This document is a draft specification that introduces a mechanism to declare and work with additional opt-in requirements that are complementary to Java's visibility modifiers.

note

For a high-level overview of this project, please refer to the User Guide instead.

Motivation

During the evolution of a software application or library, it is sometimes desirable to make select APIs available to users without stability guarantees. A common use-case is gathering feedback for future additions to a library. In the past, popular Java libraries have resorted to notes in the JavaDoc and custom annotations to denote this contract (e.g., Gradle's @Incubating and Guava's @Beta). While some vendors of static analysis tools have integrated warnings for a selection of these annotations of a few popular libraries, there is no standard mechanism for declaring such annotations.

The JDK has solved this problem by introducing Preview Features and, specifically, preview APIs. Since the compiler is aware of preview APIs, it performs strong compile-time checks to ensure that a preview API is not used accidentally. This implementation has two problems: 1. The JDK implementation does not differentiate between APIs in preview, and, more importantly, 2. the mechanism to declare preview APIs is internal to the JDK.

Another use-case not covered by the JDK's preview mechanism is exposing low-level APIs that provide fine-grained control or flexibility in exchange for the guardrails offered by their higher-level counterparts.

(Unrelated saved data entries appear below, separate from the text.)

Definition is_control_system : Prop :=
  U 0 /\
  (forall u, MU u -> locally_bounded_in u) /\
  MU zero_input /\
  {within [set p : R * (X * UU) | 0 <= p.1 /\ U p.2.2],
     continuous (fun p : R * (X * UU) => H p.1 p.2.1 p.2.2)} /\
  (forall r : R, exists M : R, forall t x v,
      0 <= t -> t <= r -> `|x| <= r -> U v -> `|v| <= r -> `|H t x v| <= M) /\
  (forall t t0 x0 u d, Aphi t t0 x0 u d -> [/\ 0 <= t, 0 <= t0, MU u & MD d]) /\
  (forall t0 x0 u d, 0 <= t0 -> MU u -> MD d ->
      pi t0 x0 u d `<=` [set t | t0 <= t] /\ pi t0 x0 u d t0) /\
  (forall t0 x0 u d, 0 <= t0 -> MU u -> MD d ->
      exists t, t0 < t /\ forall s, t0 <= s -> s <= t -> Aphi s t0 x0 u d) /\
  (forall t0 x0 u d, 0 <= t0 -> MU u -> MD d -> phi t0 t0 x0 u d = x0) /\
  (forall t t0 x0 u d u' d', Aphi t t0 x0 u d -> t0 < t -> MU u' -> MD d' ->
      (forall s, t0 <= s -> s <= t -> u' s = u s /\ d' s = d s) ->
      Aphi t t0 x0 u' d' /\ phi t t0 x0 u' d' = phi t t0 x0 u d) /\
  (exists r : R, 0 < r /\
    forall t t0 x0 u d, t0 <= t -> Aphi t t0 x0 u d ->
      (forall tau, t0 <= tau -> tau <= t -> Aphi tau t0 x0 u d) /\
      (forall tau, t0 <= tau -> tau <= t -> pi t0 x0 u d tau ->
         Aphi t tau (phi tau t0 x0 u d) u d /\
         phi t tau (phi tau t0 x0 u d) u d = phi t t0 x0 u d) /\
      (Aphi (t + r) t0 x0 u d ->
         exists tau, pi t0 x0 u d tau /\ t <= tau /\ tau <= t + r) /\
      (forall tau, pi t0 x0 u d tau -> Aphi tau t0 x0 u d ->
         pi tau (phi tau t0 x0 u d) u d = pi t0 x0 u d `&` [set s | tau <= s])).

Definition T_periodic (T : R) : Prop :=
  (forall t x v, 0 <= t -> U v -> H (t + T) x v = H t x v) /\
  exists (PU : int -> (R -> UU) -> (R -> UU)) (PD : int -> (R -> D) -> (R -> D)),
    (forall u d (k : int), MU u -> MD d ->
       MU (PU k u) /\ MD (PD k d) /\
       forall t, 0 <= t -> 0 <= t + k%:~R * T ->
         PU k u t = u (t + k%:~R * T) /\ PD k d t = d (t + k%:~R * T)) /\
    (forall t t0 x0 u d (k : int), Aphi t t0 x0 u d -> t0 <= t ->
       0 <= t0 - k%:~R * T ->
       Aphi (t - k%:~R * T) (t0 - k%:~R * T) x0 (PU k u) (PD k d) /\
       pi (t0 - k%:~R * T) x0 (PU k u) (PD k d)
         = [set tau - k%:~R * T | tau in pi t0 x0 u d] /\
       phi t t0 x0 u d = phi (t - k%:~R * T) (t0 - k%:~R * T) x0 (PU k u) (PD k d)).

Definition BIC : Prop :=
  forall t0 x0 u d, 0 <= t0 -> MU u -> MD d ->
    exists tmax : \bar R, (t0%:E < tmax)%E /\
      (forall t, Aphi t t0 x0 u d <-> (t0 <= t /\ (t%:E < tmax)%E)) /\
      ((tmax < +oo)%E ->
         ~ (exists M : R, forall t, t0 <= t -> (t%:E < tmax)%E ->
              `|phi t t0 x0 u d| <= M)).

Definition RFC : Prop :=
  BIC /\
  forall r T' : R, 0 <= r -> 0 <= T' ->
    exists M : R, forall u s x0 t0 d,
      MU u -> (forall t, 0 <= t -> `|u t| <= r) ->
      0 <= s -> s <= T' -> `|x0| <= r -> 0 <= t0 -> t0 <= T' -> MD d ->
      Aphi (t0 + s) t0 x0 u d -> `|phi (t0 + s) t0 x0 u d| <= M.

Kotlin introduced a flexible mechanism to declare opt-in requirements. This mechanism provides API owners with the ability to require explicit opt-in which users can declare as granular as they wish. The Kotlin compiler checks requirements at compile-time. As the mechanism is based on annotations, it is also fully available to static analysis tools and editors.

The goal of this project is to adapt Kotlin's mechanism for opt-in requirements for Java projects. It should be possible to declare requirements and opt-in into requirements just as it is in Kotlin. Interoperability with Kotlin is strongly desired to benefit from existing opt-in requirements in Java-compatible Kotlin APIs and to respect opt-in requirements from Java APIs in Kotlin in the future. As the Kotlin standard library is quite large and mostly useless in pure Java projects, it is however necessary that the solution does not mandate a dependency on Kotlin's standard library.

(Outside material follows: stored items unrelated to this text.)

Lemma lsum_map {A B : Type} (f : B -> C) (g : A -> B) l :
  lsum f (map g l) = lsum (fun a => f (g a)) l.
Proof. induction l; simpl; [|rewrite IHl]; reflexivity. Qed.

Lemma lsumR_prod {A B : Type} (f : A -> R) (g : B -> R) la lb :
  lsumR (fun p => f (fst p) * g (snd p)) (list_prod la lb) = lsumR f la * lsumR g lb.
Proof.
  induction la; simpl; [ring|].
  rewrite lsumR_app, IHla, lsumR_map; simpl. rewrite (lsumR_scal (f a) g); ring.
Qed.

(** * Unordered sums *)
Section UnorderedSums.
Context {I : Type}.

Definition hasR (P : I -> Prop) (f : I -> R) (v : R) : Prop :=
  forall eps, 0 < eps -> exists F0 : list I, Forall P F0 /\
    forall F, NoDup F -> Forall P F -> incl F0 F -> Rabs (lsumR f F - v) <= eps.

Definition abs_sums_le (P : I -> Prop) (f : I -> C) (M : R) : Prop :=
  forall F, NoDup F -> Forall P F -> lsumR (fun i => Cmod (f i)) F <= M.

Lemma partial_sums_sup (P : I -> Prop) (f : I -> R) (M : R) :
  (forall F, NoDup F -> Forall P F -> lsumR f F <= M) ->
  exists m, (forall F, NoDup F -> Forall P F -> lsumR f F <= m) /\
    forall eps, 0 < eps -> exists F0, NoDup F0 /\ Forall P F0 /\ m - eps < lsumR f F0.
Proof.
  intros HM.
  set (E := fun r => exists F, NoDup F /\ Forall P F /\ r = lsumR f F).
  destruct (completeness E) as [m [Hub Hlub]].
  { exists M; intros r [F [H1 [H2 ->]]]; auto. }
  { exists 0, nil; repeat constructor. }
  exists m; split.
  - intros F H1 H2; apply Hub; exists F; auto.
  - intros eps Heps. apply NNPP; intros Hn.
    assert (m <= m - eps); [|lra].
    apply Hlub; intros r [F [H1 [H2 ->]]].
    apply Rnot_lt_le; intros Hlt; apply Hn; eauto.
Qed.

Lemma hasR_nonneg (P : I -> Prop) (f : I -> R) (M : R) :
  (forall i, 0 <= f i) -> (forall F, NoDup F -> Forall P F -> lsumR f F <= M) ->
  exists v, hasR P f v.
Proof.
  intros Hf HM. destruct (partial_sums_sup P f M HM) as [m [Hub Happrox]].
  exists m; intros eps Heps.
  destruct (Happrox eps Heps) as [F0 [H1 [H2 H3]]].
  exists F0; split; auto. intros F HF HPF Hinc.
  pose proof (lsumR_incl f F0 F Hf H1 Hinc). pose proof (Hub F HF HPF).
  apply Rabs_le; lra.
Qed.

Lemma hasR_lin (P : I -> Prop) (f g : I -> R) (a b va vb : R) :
  hasR P f va -> hasR P g vb -> hasR P (fun i => a * f i + b * g i) (a * va + b * vb).
Proof.
  intros Hf Hg eps Heps.
  pose proof (Rabs_pos a). pose proof (Rabs_pos b).
  set (e := eps / (Rabs a + Rabs b + 1)).
  assert (He : 0 < e) by (apply Rdiv_lt_0_compat; lra).
  assert (Hae : (Rabs a + Rabs b) * e <= eps).
  { apply (Rmult_le_reg_r (Rabs a + Rabs b + 1)); [lra|].
    unfold e; field_simplify; nra. }
  destruct (Hf e He) as [F1 [HP1 H1]]. destruct (Hg e He) as [F2 [HP2 H2]].
  exists (F1 ++ F2). split; [apply Forall_app; auto|].
  intros F HF HPF Hinc.
  assert (A1 := H1 F HF HPF (fun x h => Hinc x (in_or_app _ _ _ (or_introl h)))).
  assert (A2 := H2 F HF HPF (fun x h => Hinc x (in_or_app _ _ _ (or_intror h)))).
  rewrite lsumR_plus, !lsumR_scal.
  replace (a * lsumR f F + b * lsumR g F - (a * va + b * vb)) with
    (a * (lsumR f F - va) + b * (lsumR g F - vb)) by ring.
  eapply Rle_trans; [apply Rabs_triang|]. rewrite !Rabs_mult.
  pose proof (Rmult_le_compat_l _ _ _ (Rabs_pos a) A1).
  pose proof (Rmult_le_compat_l _ _ _ (Rabs_pos b) A2).
  lra.
Qed.

Lemma hasR_ext (P : I -> Prop) (f g : I -> R) (v : R) :
  (forall i, P i -> f i = g i) -> hasR P f v -> hasR P g v.
Proof.
  intros Hfg H eps Heps. destruct (H eps Heps) as [F0 [HP HF]]. exists F0; split; auto.
  intros F H1 H2 H3. rewrite <- (lsumR_ext f g); auto.
  intros i Hi; apply Hfg; rewrite Forall_forall in H2; auto.
Qed.

(* A real family with bounded absolute partial sums is summable: split it into its
   positive and negative parts. *)
Lemma hasR_abs (P : I -> Prop) (f : I -> R) (M : R) :
  (forall F, NoDup F -> Forall P F -> lsumR (fun i => Rabs (f i)) F <= M) ->
  exists v, hasR P f v.
Proof.
  intros HM.
  assert (Hpart : forall s, (s = 1 \/ s = -1) ->
            exists v, hasR P (fun i => (Rabs (f i) + s * f i) / 2) v).
  { intros s Hs. apply (hasR_nonneg P _ M).
    - intros i. pose proof (Rle_abs (f i)). pose proof (Rle_abs (- f i)).
      rewrite Rabs_Ropp in *. destruct Hs; subst; lra.
    - intros F HF HPF. eapply Rle_trans; [|apply (HM F HF HPF)]. apply lsumR_le.
      intros i. pose proof (Rle_abs (f i)). pose proof (Rle_abs (- f i)).
      rewrite Rabs_Ropp in *. destruct Hs; subst; lra. }
  destruct (Hpart 1 (or_introl eq_refl)) as [v1 H1].
  destruct (Hpart (-1) (or_intror eq_refl)) as [v2 H2].
  exists (1 * v1 + (-1) * v2).
  eapply hasR_ext; [|apply (hasR_lin _ _ _ 1 (-1) _ _ H1 H2)].
  intros i _; simpl; field.
Qed.

Lemma has_sum_of_reim (P : I -> Prop) (f : I -> C) (v : C) :
  hasR P (fun i => re (f i)) (re v) -> hasR P (fun i => im (f i)) (im v) -> has_sum P f v.
Proof.
  intros Hr Hi eps Heps.
  destruct (Hr (eps/2)) as [F1 [HP1 H1]]; [lra|].
  destruct (Hi (eps/2)) as [F2 [HP2 H2]]; [lra|].
  exists (F1 ++ F2). split; [apply Forall_app; auto|].
  intros F HF HPF Hinc.
  assert (A1 := H1 F HF HPF (fun x h => Hinc x (in_or_app _ _ _ (or_introl h)))).
  assert (A2 := H2 F HF HPF (fun x h => Hinc x (in_or_app _ _ _ (or_intror h)))).
  eapply Rle_trans; [apply Cmod_le_reim|]. simpl. rewrite lsum_re, lsum_im. lra.
Qed.

Lemma has_sum_exists (P : I -> Prop) (f : I -> C) (M : R) :
  abs_sums_le P f M -> exists v, has_sum P f v.
Proof.
  intros H.
  destruct (hasR_abs P (fun i => re (f i)) M) as [v1 H1].
  { intros F HF HPF. eapply Rle_trans; [|apply (H F HF HPF)].
    apply lsumR_le; intros; apply Cmod_re. }
  destruct (hasR_abs P (fun i => im (f i)) M) as [v2 H2].
  { intros F HF HPF. eapply Rle_trans; [|apply (H F HF HPF)].
    apply lsumR_le; intros; apply Cmod_im. }
  exists (mkC v1 v2). apply has_sum_of_reim; auto.
Qed.

Lemma common_refinement (P : I -> Prop) (F1 F2 : list I) :
  Forall P F1 -> Forall P F2 ->
  exists F, NoDup F /\ Forall P F /\ incl F1 F /\ incl F2 F.
Proof.
  intros HP1 HP2. exists (nodup deq (F1 ++ F2)).
  split; [apply NoDup_nodup|]. split; [|split].
  - apply Forall_forall; intros x Hx. apply nodup_In, in_app_or in Hx.
    rewrite Forall_forall in HP1, HP2. destruct Hx; auto.
  - intros x Hx; apply nodup_In, in_or_app; auto.
  - intros x Hx; apply nodup_In, in_or_app; auto.
Qed.

Lemma has_sum_unique (P : I -> Prop) (f : I -> C) (v w : C) :
  has_sum P f v -> has_sum P f w -> v = w.
Proof.
  intros Hv Hw.
  assert (Hsmall : forall eps, 0 < eps -> Cmod (Csub v w) <= eps).
  { intros eps Heps.
    destruct (Hv (eps/2)) as [F1 [HP1 H1]]; [lra|].
    destruct (Hw (eps/2)) as [F2 [HP2 H2]]; [lra|].
    destruct (common_refinement P F1 F2 HP1 HP2) as [F [HF [HPF [I1 I2]]]].
    specialize (H1 F HF HPF I1). specialize (H2 F HF HPF I2).
    rewrite Cmod_sub_sym in H1. pose proof (Cmod_sub_tri v (lsum f F) w). lra. }
  assert (Cmod (Csub v w) = 0).
  { apply Rle_antisym; [|apply Cmod_ge0]. apply Rnot_lt_le; intros Hc.
    specialize (Hsmall (Cmod (Csub v w) / 2)). lra. }
  apply Cmod_eq0 in H.
  apply C_ext; [apply (f_equal re) in H|apply (f_equal im) in H]; simpl in H; lra.
Qed.

Lemma has_sum_ext (P : I -> Prop) (f g : I -> C) (v : C) :
  (forall i, P i -> f i = g i) -> has_sum P f v -> has_sum P g v.
Proof.
  intros Hfg H eps Heps. destruct (H eps Heps) as [F0 [HP HF]]. exists F0; split; auto.
  intros F H1 H2 H3. rewrite <- (lsum_ext f g); auto.
  intros i Hi; apply Hfg; rewrite Forall_forall in H2; auto.
Qed.

Lemma has_sum_scal (P : I -> Prop) (f : I -> C) (v c : C) :
  has_sum P f v -> has_sum P (fun i => Cmul c (f i)) (Cmul c v).
Proof.
  intros H eps Heps. pose proof (Cmod_ge0 c).
  destruct (H (eps / (Cmod c + 1))) as [F0 [HP HF]]; [apply Rdiv_lt_0_compat; lra|].
  exists F0; split; auto. intros F H1 H2 H3. specialize (HF F H1 H2 H3).
  rewrite lsum_scal.
  replace (Csub (Cmul c (lsum f F)) (Cmul c v)) with (Cmul c (Csub (lsum f F) v)) by C_ring.
  rewrite Cmod_mul. pose proof (Cmod_ge0 (Csub (lsum f F) v)).
  apply Rle_trans with ((Cmod c + 1) * (eps / (Cmod c + 1))); [nra|right; field; lra].
Qed.

Lemma has_sum_add (P : I -> Prop) (f g : I -> C) (v w : C) :
  has_sum P f v -> has_sum P g w -> has_sum P (fun i => Cadd (f i) (g i)) (Cadd v w).
Proof.
  intros Hf Hg eps Heps.
  destruct (Hf (eps/2)) as [F1 [HP1 H1]]; [lra|].
  destruct (Hg (eps/2)) as [F2 [HP2 H2]]; [lra|].
  exists (F1 ++ F2). split; [apply Forall_app; auto|].
  intros F HF HPF Hinc.
  assert (A1 := H1 F HF HPF (fun x h => Hinc x (in_or_app _ _ _ (or_introl h)))).
  assert (A2 := H2 F HF HPF (fun x h => Hinc x (in_or_app _ _ _ (or_intror h)))).
  rewrite lsum_add.
  replace (Csub (Cadd (lsum f F) (lsum g F)) (Cadd v w)) with
    (Cadd (Csub (lsum f F) v) (Csub (lsum g F) w)) by C_ring.
  eapply Rle_trans; [apply Cmod_add|lra].
Qed.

To this extent, this specification introduces a minimal set of annotations along with the semantics to declare, opt-in to, and, ultimately, verify opt-in requirements in Java programs.

Requirement Markers

At the core of this specification are requirement markers. Requirement markers are used to mark APIs that require opt-in and referenced when opting into a specific requirement.

An annotation whose declaration is meta-annotated with @com.osmerion.optin.RequiresOptIn is a requirement marker. Requirement markers are defined by API authors and should

The @com.osmerion.optin.RequiresOptIn annotation is defined as follows:

@Documented
@Retention(RetentionPolicy.RUNTIME)
@Target(ElementType.ANNOTATION_TYPE)
public @interface RequiresOptIn {
String message() default "";
Level level() default Level.ERROR;

enum Level { WARNING, ERROR }
}

The message attribute may be used to provide a custom, human-readable explanation displayed in diagnostics when a requirement is unsatisfied. If unset, or set to its default value (the empty string), a generic message is generated by the verifier.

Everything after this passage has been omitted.